Similarity Search in Arbitrary Subspaces Under Lp-Norm

  • Authors:
  • Xiang Lian;Lei Chen

  • Affiliations:
  • Department of Computer Science and Engineering, Hong Kong University of Science and Technology, Clear Water Bay, Kowloon, Hong Kong, China. xlian@cse.ust.hk;Department of Computer Science and Engineering, Hong Kong University of Science and Technology, Clear Water Bay, Kowloon, Hong Kong, China. leichen@cse.ust.hk

  • Venue:
  • ICDE '08 Proceedings of the 2008 IEEE 24th International Conference on Data Engineering
  • Year:
  • 2008

Quantified Score

Hi-index 0.00

Visualization

Abstract

Similarity search has been widely used in many applications such as information retrieval, image data analysis, and time-series matching. Specifically, a similarity query retrieves all data objects in a data set that are similar to a given query object. Previous work on similarity search usually consider the search problem in the full space. In this paper, however, we propose a novel problem, subspace similarity search, which finds all data objects that match with a query object in the subspace instead of the original full space. In particular, the query object can specify arbitrary subspace with arbitrary number of dimensions.
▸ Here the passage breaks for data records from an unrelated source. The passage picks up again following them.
(* Assume the standing setup below, fix $T_1\in(0,1)$ and $q\in(0,1]$, and regard $\psi$ as a function of $T_2\in(0,1)$. Then for every $T_2$ with $\psi(T_2)\in[0,1)$, $\psi$ is differentiable at $T_2$ and $\frac{d\psi}{dT_2}<0$.
   Context: Standing setup. $P$ is a probability distribution on $\{0,1,\dots,k_{\max}\}$ with mean $\langle k\rangle=\sum_k kP(k)>0$; $Q(k)=(k+1)P(k+1)/\langle k\rangle$ for $k\ge0$. For $q\in[0,1]$ set $P_q(k_1,k_2)=\binom{k_1+k_2}{k_2}q^{k_2}(1-q)^{k_1}P(k_1+k_2)$ and $Q_q(k_1,k_2)=\binom{k_1+k_2}{k_2}q^{k_2}(1-q)^{k_1}Q(k_1+k_2)$ (with $0^0=1$). For $T_1,T_2\in(0,1)$ and $u\in[0,1]$ let $F(u)=\sum_{k_1,k_2}(1+(u-1)T_1)^{k_1}(1+(u-1)T_2)^{k_2}Q_q(k_1,k_2)$ and $G(u)=\sum_{k_1,k_2}(1+(u-1)T_1)^{k_1}(1+(u-1)T_2)^{k_2}P_q(k_1,k_2)$. Let $u^*$ be the smallest solution in $[0,1]$ of $u=F(u)$ and $\psi=G(u^* )$; with $T_1,q$ fixed, $u^*$ and $\psi$ are functions of $T_2$. *)

From Stdlib Require Import Reals ClassicalEpsilon.
Open Scope R_scope.

(* P is a distribution on {0,...,kmax}: represented as P : nat -> R with
   P k = 0 for k > kmax (hypotheses are stated in the theorem). *)

Definition meank (P : nat -> R) (kmax : nat) : R :=
  sum_f_R0 (fun k => INR k * P k) kmax.

Definition Qd (P : nat -> R) (kmax : nat) (k : nat) : R :=
  INR (k + 1) * P (S k) / meank P kmax.

Definition thin (D : nat -> R) (q : R) (k1 k2 : nat) : R :=
  C (k1 + k2) k2 * q ^ k2 * (1 - q) ^ k1 * D (k1 + k2)%nat.

Definition Pq P q := thin P q.
Definition Qq P kmax q := thin (Qd P kmax) q.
Since traditional approaches for similarity search cannot be applied to solve the proposed problem, we introduce an efficient and effective pruning technique, which assigns scores to data objects with respect to pivots and prunes candidates via scores. We propose an effective multipivot-based method to pre-process data objects by selecting appropriate pivots, where the entire procedure is guided by a formal cost model, such that the pruning power is maximized. Finally, scores of each data object are organized in sorted list to facilitate an efficient subspace similarity search. Extensive experiments have verified the correctness of our cost model and demonstrated the efficiency and effectiveness of our proposed approach for the subspace similarity search.